Sovereign green bonds: Risk-mitigating sustainability instruments in emerging markets
研究了2017至2023年间44个国家168只主权可持续债券的定价,发现新兴经济体的绿色债券存在约10个基点的负溢价,表明绿色标签能降低感知风险和信息不对称。
Sovereign green bonds have emerged as a prominent policy instrument to mobilize climate finance, yet evidence on their pricing implications, especially across development levels and relative to unlabeled sustainability bonds, remains limited. This study provides the first global, bond-level analysis of sovereign green and sustainability bond pricing in secondary markets across advanced and emerging economies. Using Bloomberg data on 168 sovereign sustainability bonds issued between 2017 and 2023 across 44 countries, the analysis employs coarsened exact matching to estimate the greenium for green-labeled as well as unlabeled bonds. The results reveal strong regional heterogeneity.
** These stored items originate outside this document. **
(* Let $G$ be a graph with $\mathrm{diam}(G)=3$ such that $D_2(G)$ is connected. Then $\mathrm{diam}(D_2(G))\leqslant 5$.
   Context: All graphs are finite, simple and undirected. For a graph $G$, $\mathrm{d}_G(x,y)$ denotes the length of a shortest path between $x$ and $y$, and $\mathrm{diam}(G)$ is the maximum distance between vertices of $G$. The $2$-distance graph $D_2(G)$ of $G$ is the graph with vertex set $V(G)$ in which two vertices $x,y$ are adjacent if and only if $\mathrm{d}_G(x,y)=2$. *)

From mathcomp Require Import all_boot.
Set Implicit Arguments. Unset Strict Implicit. Unset Printing Implicit Defensive.

Definition simple_graph (T : finType) (e : rel T) : Prop :=
  symmetric e /\ irreflexive e.

Fixpoint walk (T : Type) (R : T -> T -> Prop) (x y : T) (n : nat) : Prop :=
  match n with
  | 0 => x = y
  | n'.+1 => exists z, R x z /\ walk R z y n'
  end.

Definition dist (T : Type) (R : T -> T -> Prop) (x y : T) (n : nat) : Prop :=
  walk R x y n /\ forall m, m < n -> ~ walk R x y m.

Definition connected_graph (T : Type) (R : T -> T -> Prop) : Prop :=
  forall x y, exists n, walk R x y n.

Definition diam_eq (T : Type) (R : T -> T -> Prop) (d : nat) : Prop :=
  (forall x y, exists2 n, dist R x y n & n <= d) /\
  (exists x y, dist R x y d).

Definition diam_le (T : Type) (R : T -> T -> Prop) (d : nat) : Prop :=
  forall x y, exists2 n, dist R x y n & n <= d.

Definition D2 (T : finType) (e : rel T) : T -> T -> Prop :=
  fun x y => dist (fun a b => e a b) x y 2.

From mathcomp Require Import all_boot zify.
From Stdlib Require Import Classical.
Set Implicit Arguments. Unset Strict Implicit. Unset Printing Implicit Defensive.

(* Let d be the distance of G (at most 3) and δ that of D_2(G); pairs with
   d = 0 or d = 2 have δ <= 1.  If d(x,y) = 3 then δ(x,y) <= 4: otherwise the
   δ-balls of radius 2 around x and y are disjoint and cover G, so a D_2-path
   from x to y leaves the first ball along a D_2-edge st with s a neighbour of
   x and t a neighbour of y, and a common neighbour of s and t is at distance 2
   from both x and y.  For an edge uv, a vertex at distance >= 2 from both u
   and v, and at distance exactly 2 from one of them, yields a D_2-path of
   length <= 5 through it.  If there is no such vertex, every vertex is equal
   or adjacent to u or v; then the first vertex t of a D_2-path from u to v
   outside the δ-ball of radius 2 around u is adjacent to u and to v, and
   within distance 1 of both ends of any pair at distance 3, contradicting
   diam G = 3. *)

Section Walks.
Variables (T : Type) (R : T -> T -> Prop).

Lemma walk_rcons x y z n : walk R x y n -> R y z -> walk R x z n.+1.
Proof.
elim: n x => [|n IHn] x /=; first by move=> -> Ryz; exists z.
by case=> w [Rxw Wwy] Ryz; exists w; split; last exact: IHn.
Qed.

Lemma walk_cat x y z m n : walk R x y m -> walk R y z n -> walk R x z (m + n).
Proof.
elim: m x => [|m IHm] x /=; first by move=> ->.
by case=> w [Rxw Wwy] Wyz; exists w; split; last exact: IHm.
Qed.

Lemma walk_sym x y n :
  (forall a b, R a b -> R b a) -> walk R x y n -> walk R y x n.
Proof.
move=> Rsym; elim: n x => [|n IHn] x /=; first by move->.
by case=> w [Rxw Wwy]; apply: walk_rcons (IHn _ Wwy) (Rsym _ _ Rxw).
Qed.

Lemma walk_cross (P : T -> Prop) x y n :
  walk R x y n -> P x -> ~ P y -> exists s t, [/\ P s, ~ P t & R s t].
Proof.
elim: n x => [|n IHn] x /=; first by move->.
case=> w [Rxw Wwy] Px NPy.
by have [Pw|NPw] := classic (P w); [exact: IHn Pw NPy | exists x, w].
Qed.

Definition dist_le x y k := exists2 m, m <= k & walk R x y m.

Lemma dist_le_refl x k : dist_le x x k.
Proof. by exists 0. Qed.

Lemma dist_le1 x y : R x y -> dist_le x y 1.
Proof. by move=> Rxy; exists 1 => //=; exists y. Qed.

Lemma dist_le_widen x y k l : dist_le x y k -> k <= l -> dist_le x y l.
Proof. by move=> [m lemk Wm] lekl; exists m => //; apply: leq_trans lekl. Qed.

Lemma dist_le_trans x y z i j :
  dist_le x y i -> dist_le y z j -> dist_le x z (i + j).
Proof. by case=> m ? Wm [n ? Wn]; exists (m + n); [apply: leq_add | apply: walk_cat Wm Wn]. Qed.

Lemma dist_le_sym x y k :
  (forall a b, R a b -> R b a) -> dist_le x y k -> dist_le y x k.
Proof. by move=> Rsym [m lemk Wm]; exists m => //; apply: walk_sym. Qed.

Lemma dist_le_dist x y k : dist_le x y k -> exists2 n, dist R x y n & n <= k.
Proof.
case=> m lemk; elim/ltn_ind: m lemk => m IHm lemk Wm.
have [[j ltjm Wj]|shortest] := classic (exists2 j, j < m & walk R x y j).
  exact: IHm j ltjm (leq_trans (ltnW ltjm) lemk) Wj.
by exists m => //; split=> // j ltjm Wj; apply: shortest; exists j.
Qed.

End Walks.

Section TruncatedDistance.
Variables (T : finType) (e : rel T).
Hypothesis esym : symmetric e.

Local Notation edge := (fun a b : T => is_true (e a b)).

Definition dist3 x y : nat :=
  if x == y then 0 else if e x y then 1
  else if [exists w, e x w && e w y] then 2 else 3.

Local Notation d := dist3.

Lemma adj_sym x y : e x y -> e y x.
Proof. by rewrite esym. Qed.

Lemma dist3_le3 x y : d x y <= 3.
Proof. by rewrite /d; repeat case: ifP. Qed.

Lemma dist3_sym x y : d x y = d y x.
Proof.
have common : [exists w, e x w && e w y] = [exists w, e y w && e w x].
  by apply/existsP/existsP => -[w /andP[e1 e2]]; exists w; rewrite esym e2 esym e1.
by rewrite /d eq_sym [e x y]esym common.
Qed.

Lemma dist3_adjr x y z : e y z -> d x z <= (d x y).+1.
Proof.
move=> eyz; rewrite /d; have [->|_] := eqVneq x y; first by rewrite eyz; case: ifP.
case exy: (e x y); last by repeat case: ifP.
have -> : [exists w, e x w && e w z] by apply/existsP; exists y; rewrite exy eyz.
by repeat case: ifP.
Qed.

Lemma dist3_walk_le x y z n : walk edge y z n -> d x z <= d x y + n.
Proof.
elim: n y => [|n IHn] y /=; first by move->; rewrite addn0.
case=> w [eyw Wwz]; apply: leq_trans (IHn _ Wwz) _.
by rewrite addnS -addSn leq_add2r dist3_adjr.
Qed.

Lemma dist3_le_walk x y n : walk edge x y n -> d x y <= n.
Proof. by move/(dist3_walk_le x); rewrite /d eqxx. Qed.

Lemma dist3_le1 x y : e x y -> d x y <= 1.
Proof. by move=> exy; apply: dist3_le_walk; exists y. Qed.

Lemma dist3_le2 x w y : e x w -> e w y -> d x y <= 2.
Proof. by move=> exw ewy; apply: dist3_le_walk; exists w; split=> //; exists y. Qed.

Lemma dist3_walk x y : d x y < 3 -> walk edge x y (d x y).
Proof.
rewrite /d; case: eqP => [->|_] //; case: ifP => [exy _|_]; first by exists y.
by case: ifP => // /existsP[w /andP[exw ewy]] _; exists w; split=> //; exists y.
Qed.

Lemma dist3_eq0 x y : d x y = 0 -> x = y.
Proof. by move=> dxy; have := dist3_walk (x:=x) (y:=y); rewrite dxy; apply. Qed.

Lemma dist3_eq1 x y : d x y = 1 -> e x y.
Proof.
by move=> dxy; have := dist3_walk (x:=x) (y:=y); rewrite dxy => /(_ isT)[z [? <-]].
Qed.

Lemma dist3_eq2 x y : d x y = 2 -> exists2 w, e x w & e w y.
Proof.
move=> dxy; have := dist3_walk (x:=x) (y:=y); rewrite dxy.
by case=> // w [? [z [? <-]]]; exists w.
Qed.

Lemma dist3_adjl x x' y : e x x' -> d x y <= (d x' y).+1.
Proof. by move=> exx'; rewrite dist3_sym (dist3_sym x'); apply: dist3_adjr; rewrite esym. Qed.

Lemma dist3_triangle x y z : d x z <= d x y + d y z.
Proof.
have [ltyz|] := ltnP (d y z) 3; first exact/dist3_walk_le/dist3_walk.
by move=> le3; apply: leq_trans (dist3_le3 _ _) (leq_trans le3 (leq_addl _ _)).
Qed.

Lemma dist3_dist x y n : dist edge x y n -> d x y = minn n 3.
Proof.
case=> Wn shortest; have := dist3_le_walk Wn; have := dist3_le3 x y.
have [ltd3|] := ltnP (d x y) 3; last by lia.
have : ~ d x y < n by move=> ltdn; apply: shortest ltdn (dist3_walk ltd3).
by lia.
Qed.

Lemma D2_dist3 x y : D2 e x y <-> d x y = 2.
Proof.
split=> [/dist3_dist -> //|dxy]; split; first by rewrite -dxy; apply: dist3_walk; rewrite dxy.
by move=> m ltm2 /dist3_le_walk; rewrite dxy; lia.
Qed.

Local Notation dD2 := (dist_le (D2 e)).

Lemma dD2_sym x y k : dD2 x y k -> dD2 y x k.
Proof. by apply: dist_le_sym => a b; rewrite !D2_dist3 dist3_sym. Qed.

Lemma dD2_edge x y : d x y = 2 -> dD2 x y 1.
Proof. by move/D2_dist3; apply: dist_le1. Qed.

Lemma dD2_le1 x y : d x y = 0 \/ d x y = 2 -> dD2 x y 1.
Proof. by case=> [/dist3_eq0 -> | /dD2_edge //]; apply: dist_le_refl. Qed.

Lemma dD2_cons x y z k : d x y = 2 -> dD2 y z k -> dD2 x z k.+1.
Proof. by move=> dxy; apply: dist_le_trans (dD2_edge dxy). Qed.

Section DiameterThree.
Hypothesis diam3 : diam_le edge 3.

Lemma dist3_geodesic x y : d x y = 3 -> exists p q, [/\ e x p, e p q & e q y].
Proof.
move=> dxy; have [n Dn len3] := diam3 x y.
have n3 : n = 3 by move: (dist3_dist Dn); rewrite dxy; lia.
by case: Dn; rewrite n3 => -[p [exp [q [epq [z [eqz <-]]]]]] _; exists p, q.
Qed.

(* A would-be counterexample to [dD2_le4]. *)
Definition stretched x y := d x y = 3 /\ ~ dD2 x y 4.

Lemma stretched_sym x y : stretched x y -> stretched y x.
Proof. by case=> dxy far; split=> [|/dD2_sym//]; rewrite dist3_sym. Qed.

Lemma stretched_nbr x y v : stretched x y -> e x v -> d v y = 3 -> dD2 x v 2.
Proof.
move=> [dxy far] exv dvy; have [p [q [evp epq eqy]]] := dist3_geodesic dvy.
have dpy : d p y = 2.
  by have := dist3_adjl y evp; have := dist3_le2 epq eqy; lia.
have exp : e x p.
  apply: dist3_eq1; have : d x p <> 2.
    by move=> dxp; apply: far; apply: dist_le_widen (dD2_cons dxp (dD2_edge dpy)) _.
  by have := dist3_le2 exv evp; have := dist3_triangle x p y; lia.
have dxq : d x q = 2 by have := dist3_le2 exp epq; have := dist3_adjr x eqy; lia.
have dvq : d v q = 2 by have := dist3_le2 evp epq; have := dist3_adjr v eqy; lia.
exact: dD2_cons dxq (dD2_sym (dD2_edge dvq)).
Qed.

Lemma stretched_far_geodesic x y v p q :
  stretched x y -> d v x = 3 -> d v y = 3 -> e v p -> e p q -> e q x ->
  [/\ d p x = 2, d p y = 3 & d v q = 2].
Proof.
move=> [dxy far] dvx dvy evp epq eqx.
have dpx : d p x = 2 by have := dist3_le2 epq eqx; have := dist3_adjl x evp; lia.
split=> //; last by have := dist3_le2 evp epq; have := dist3_adjr v eqx; lia.
have : d p y <> 2.
  rewrite dist3_sym => dyp; apply: far; apply: dD2_sym.
  by apply: dist_le_widen (dD2_cons dyp (dD2_edge dpx)) _.
by have := dist3_le3 p y; have := dist3_adjl y evp; lia.
Qed.

Lemma stretched_no_common_far x y v :
  stretched x y -> d v x = 3 -> d v y = 3 -> False.
Proof.
move=> sxy dvx dvy; have [dxy far] := sxy.
have [p [q [evp epq eqx]]] := dist3_geodesic dvx.
have [p' [q' [evp' epq' eqy]]] := dist3_geodesic dvy.
have [dpx dpy dvq] := stretched_far_geodesic sxy dvx dvy evp epq eqx.
have [dp'y dp'x dvq'] :=
  stretched_far_geodesic (stretched_sym sxy) dvy dvx evp' epq' eqy.
have epp' : e p p'.
  apply: dist3_eq1; have : d p p' <> 2.
    move=> dpp'; apply: far; rewrite dist3_sym in dpx.
    by apply: dist_le_widen (dD2_cons dpx (dD2_cons dpp' (dD2_edge dp'y))) _.
  have := dist3_le2 (adj_sym evp) evp'; have := dist3_triangle p' p x.
  by have := dist3_sym p p'; lia.
have dqp' : d q p' = 2.
  have := dist3_le2 (adj_sym epq) epp'; have := dist3_adjr p' eqx.
  by have := dist3_sym q p'; lia.
have dq'p : d q' p = 2.
  have := dist3_le2 (adj_sym epq') (adj_sym epp'); have := dist3_adjr p eqy.
  by have := dist3_sym q' p; lia.
have dqy : d q y = 2.
  have : d q y <> 3.
    move=> dqy; apply: far; apply: dist_le_trans (stretched_nbr sxy (adj_sym eqx) dqy) _.
    exact: dD2_cons dqp' (dD2_edge dp'y).
  by have := dist3_le3 q y; have := dist3_adjl y (adj_sym eqx); lia.
have dxq' : d x q' = 2.
  have : d q' x <> 3.
    move=> dq'x; apply: far; apply: dD2_sym.
    apply: dist_le_trans (stretched_nbr (stretched_sym sxy) (adj_sym eqy) dq'x) _.
    exact: dD2_cons dq'p (dD2_edge dpx).
  have := dist3_le3 q' x; have := dist3_adjl x (adj_sym eqy).
  by have := dist3_sym x y; have := dist3_sym x q'; lia.
rewrite dist3_sym in dvq'; apply: far.
exact: dD2_cons dxq' (dD2_cons dvq' (dD2_cons dvq (dD2_edge dqy))).
Qed.

Lemma stretched_cases x y z : stretched x y ->
  [\/ dD2 x z 1, dD2 z y 1, e x z /\ d z y = 3 | e z y /\ d x z = 3].
Proof.
move=> sxy; have [dxy _] := sxy.
have [/dD2_le1 xz|xz] : (d x z = 0 \/ d x z = 2) \/ (d x z = 1 \/ d x z = 3).
- by have := dist3_le3 x z; lia.
- by constructor 1.
have [/dD2_le1 zy|zy] : (d z y = 0 \/ d z y = 2) \/ (d z y = 1 \/ d z y = 3).
- by have := dist3_le3 z y; lia.
- by constructor 2.
have := dist3_triangle x z y; rewrite dxy.
case: xz => xz; case: zy => zy; rewrite xz zy // => _.
- by constructor 3; rewrite (dist3_eq1 xz).
- by constructor 4; rewrite (dist3_eq1 zy).
- by case: (stretched_no_common_far sxy _ zy); rewrite dist3_sym.
Qed.

Hypothesis D2_connected : connected_graph (D2 e).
In advanced economies, sovereign green bonds trade at a positive yield premium of 20–40 basis points. In contrast, EMDEs exhibit a significant sovereign greenium of approximately 10 basis points for green-labeled bonds, alongside a positive premium for unlabeled sustainability bonds. This suggests that green labeling is associated with lowered perceived risk and informational asymmetry. This is especially true for riskier countries, speculative-grade bonds, and during periods of financial volatility. Overall, the results highlight that while sovereign green bonds may act as effective risk-mitigating instruments for climate finance in emerging economies, institutional heterogeneity and market structures have a role to play in shaping sustainability bond issuances.